Another visitor in those days was Chechanovski, with whom I worked at the beginning of the thirties on the magazine For a Com­munist Education. Chechanovski was a Marxist, and the main point of our inviting him was to give M. a chance of arguing with him. The concept of "development," he told us, was equivalent to "prog­ress" and could not be "taken away from us by Mandelstam." It was he who was entrusted with the mission of suggesting to M. that he disavow his "Journey to Armenia." Whether he was spying on us, I do not know. Probably not. In any case, it is not very important, since M. never read the poem on Stalin to him—though he said many other things every evening which were quite enough to get him ar­rested.

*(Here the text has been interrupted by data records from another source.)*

Lemma polar_angle a1 a2 :
  exists b, a1 = sqrt (a1 ^ 2 + a2 ^ 2) * cos b /\ a2 = sqrt (a1 ^ 2 + a2 ^ 2) * sin b.
Proof.
  set (rho := sqrt (a1 ^ 2 + a2 ^ 2)).
  assert (Hrho2 : rho * rho = a1 ^ 2 + a2 ^ 2) by (apply sqrt_sqrt; nra).
  assert (Hrho0 : 0 <= rho) by apply sqrt_pos.
  destruct (Req_dec rho 0) as [Z | NZ].
  { exists 0. rewrite Z in *. split; nra. }
  set (c := a1 / rho).
  assert (Hc2 : c * c + (a2 / rho) * (a2 / rho) = 1)
    by (unfold c; field_simplify; [rewrite <- Hrho2; field |]; lra).
  assert (Hc : -1 <= c <= 1) by (split; nra).
  assert (Hs : sqrt (1 - c²) = Rabs (a2 / rho)).
  { rewrite <- sqrt_Rsqr_abs. f_equal. unfold Rsqr. lra. }
  destruct (Rle_dec 0 a2) as [P | N].
  - exists (acos c). rewrite cos_acos, sin_acos, Hs by auto.
    rewrite Rabs_pos_eq by (apply Rdiv_le_0_compat; lra). unfold c. split; field; lra.
  - exists (- acos c). rewrite cos_neg, sin_neg, cos_acos, sin_acos, Hs by auto.
    rewrite Rabs_left by (apply Rdiv_neg_pos; lra). unfold c. split; field; lra.
Qed.

Definition dot_unit (a1 a2 a3 t p : R) : R :=
  a1 * sin t * cos p + a2 * sin t * sin p + a3 * cos t.

(* [tilted_cos g t p] is [a . u(t, p)] for the unit axis [a = (sin g, 0, cos g)]. *)
Definition tilted_cos (g t p : R) : R := sin g * sin t * cos p + cos g * cos t.
Definition tilted_cos_dg (g t p : R) : R := cos g * sin t * cos p - sin g * cos t.
Definition tilted_cos_dt (g t p : R) : R := sin g * cos t * cos p - cos g * sin t.

Lemma dot_unit_bound a1 a2 a3 t p : a1 ^ 2 + a2 ^ 2 + a3 ^ 2 = 1 ->
  -1 <= dot_unit a1 a2 a3 t p <= 1.
Proof.
  intros Ha. unfold dot_unit.
  pose proof (sin2_cos2 t) as Et. pose proof (sin2_cos2 p) as Ep. unfold Rsqr in *.
  replace (a1 * sin t * cos p + a2 * sin t * sin p + a3 * cos t)
    with (a1 * (sin t * cos p) + a2 * (sin t * sin p) + a3 * cos t) by ring.
  set (u1 := sin t * cos p). set (u2 := sin t * sin p). set (u3 := cos t).
  assert (Hu : u1 * u1 + u2 * u2 + u3 * u3 = 1).
  { unfold u1, u2, u3. transitivity (sin t * sin t * (sin p * sin p + cos p * cos p) + cos t * cos t);
      [ring | rewrite Ep; lra]. }
  assert (Eminus : (a1 - u1) ^ 2 + (a2 - u2) ^ 2 + (a3 - u3) ^ 2
    = (a1 ^ 2 + a2 ^ 2 + a3 ^ 2) - 2 * (a1 * u1 + a2 * u2 + a3 * u3)
      + (u1 * u1 + u2 * u2 + u3 * u3)) by ring.
  assert (Eplus : (a1 + u1) ^ 2 + (a2 + u2) ^ 2 + (a3 + u3) ^ 2
    = (a1 ^ 2 + a2 ^ 2 + a3 ^ 2) + 2 * (a1 * u1 + a2 * u2 + a3 * u3)
      + (u1 * u1 + u2 * u2 + u3 * u3)) by ring.
  pose proof (pow2_ge_0 (a1 - u1)). pose proof (pow2_ge_0 (a2 - u2)).
  pose proof (pow2_ge_0 (a3 - u3)). pose proof (pow2_ge_0 (a1 + u1)).
  pose proof (pow2_ge_0 (a2 + u2)). pose proof (pow2_ge_0 (a3 + u3)).
  split; lra.
Qed.

Lemma tilted_cos_bound g t p : -1 <= tilted_cos g t p <= 1.
Proof.
  replace (tilted_cos g t p) with (dot_unit (sin g) 0 (cos g) t p)
    by (unfold tilted_cos, dot_unit; ring).
  apply dot_unit_bound. pose proof (sin2_cos2 g). unfold Rsqr in *. nra.
Qed.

We also used to see Nilender, a Greek and Hebrew scholar. A former naval officer, he now worked in the Public Library and gen­erally came around midnight, bringing a packet of tea with him, just in case we had run out by then. He was translating Sophocles and talked all the time about the "golden section." Finally, during that year we saw something of Vygotski, the author of Language and Thought, a very intelligent psychologist (though somewhat ham­pered by the rationalism of the time), and on the street we some­times ran into Stolpner, the translator of Hegel, who tried to con­vince M. that he did not think in words.

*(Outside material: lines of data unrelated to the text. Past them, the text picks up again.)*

(* Let $H$ be a $C^2$ null hypersurface, $n$ a $C^1$ future-directed lightlike vector field tangent to $H$, extended near $p\in H$ to a $C^1$ lightlike field with $\nabla_nn=\kappa n$. Let $V$ be a smooth future-directed timelike vector field and use local cylinder coordinates $(x^0,\mathbf x)$ with $V=\partial_0$ in which $H$ is the graph of a $C^2$ function $x^0=h(\mathbf x)$. Define on $H$ the functions of $\mathbf x$ $$\tilde n^i=-g(n,V)\,\big[g^{ij}(h(\mathbf x),\mathbf x)\,\partial_jh-g^{i0}(h(\mathbf x),\mathbf x)\big],\quad i=1,\dots,n,$$ and $\theta=\nabla_\mu n^\mu|_{x^0=h(\mathbf x)}-\kappa$. Then for every $C^1$ function $\varphi:M\to\mathbb R$, $$\partial_i\Big(\varphi\,\tilde n^i\,\frac{\sqrt{-|g|(h(\mathbf x),\mathbf x)}}{-g(n,V)}\Big)=\big[\varphi\,\theta+\partial_n\varphi\big]\frac{\sqrt{-|g|(h(\mathbf x),\mathbf x)}}{-g(n,V)},$$ where all quantities are evaluated at $(h(\mathbf x),\mathbf x)$. Consequently $$\theta=\frac{-g(n,V)}{\sqrt{-|g|}}\,\partial_i\Big\{\big[g^{ij}\partial_jh-g^{i0}\big]\sqrt{-|g|}\Big\}\Big|_{x^0=h(\mathbf x)} .$$
   Context: Spacetime: paracompact time-oriented Lorentzian manifold of dimension $n+1\ge2$, signature $(-,+,\dots,+)$, $C^3$ metric; $|g|$ denotes $\det g_{\mu\nu}$, $g^{\mu\nu}$ the inverse metric. Local cylinder coordinates: with $S$ a small hypersurface transverse to $V$ carrying coordinates $\mathbf x=(x^1,\dots,x^n)$, the point $\varphi_{x^0}(\mathbf x)$ ($\varphi$ the flow of $V$) has coordinates $(x^0,\mathbf x)$, so $V=\partial_0$. The vector field $\tilde n=\tilde n^i\partial_i$ is the projection of $n$ along the flow of $V$. *)

From Stdlib Require Import Reals Lra ClassicalEpsilon.
Open Scope R_scope.

Fixpoint sumlt (m : nat) (f : nat -> R) : R :=
  match m with
  | O => 0
  | S m' => sumlt m' f + f m'
  end.

Definition minorR (A : nat -> nat -> R) (j : nat) : nat -> nat -> R :=
  fun r c => A (S r) (if Nat.ltb c j then c else S c).

Fixpoint detR (m : nat) (A : nat -> nat -> R) : R :=
  match m with
  | O => 1
  | S m' => sumlt (S m') (fun j => (-1) ^ j * A 0%nat j * detR m' (minorR A j))
  end.

Definition upd (x : nat -> R) (k : nat) (t : R) : nat -> R :=
  fun j => if Nat.eqb j k then t else x j.

Definition has_partial (F : (nat -> R) -> R) (k : nat) (x : nat -> R) (l : R) : Prop :=
  derivable_pt_lim (fun t => F (upd x k t)) (x k) l.

Definition pd (F : (nat -> R) -> R) (k : nat) (x : nat -> R) : R :=
  epsilon (inhabits 0) (fun l => has_partial F k x l).

Definition near (d : nat) (x y : nat -> R) (delta : R) : Prop :=
  forall k, (k < d)%nat -> Rabs (y k - x k) < delta.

Bublik now took his place among these learned men. With his superb classical education, he was a great help to M., and together they delighted in reading Ovid's poems, which for M. were a por­tent of the future, while for Bublik they evidently spoke of the pleasures of exile already behind him.

Bublik stayed with us for several weeks and was very glad of this unexpected breathing-space. He lost his sallow convict's complexion and began to look like a Latin teacher in a provincial grammar school in the old days. But his comrades were urging that it was time to leave for the north, and his fear of the police also prompted him to get out of Moscow. It so happened that M.'s father had to go to Leningrad, and we asked Bublik to accompany him for that part of his journey. He agreed and helped the old man to pack all his stuff in his comically old-fashioned suitcase. He asked us for a kettle ("so we can get hot water at the stations") and an old blanket ("so we don't have to waste money hiring one on the train"). He carefully tied the kettle to the handle of the suitcase ("so it won't get lost").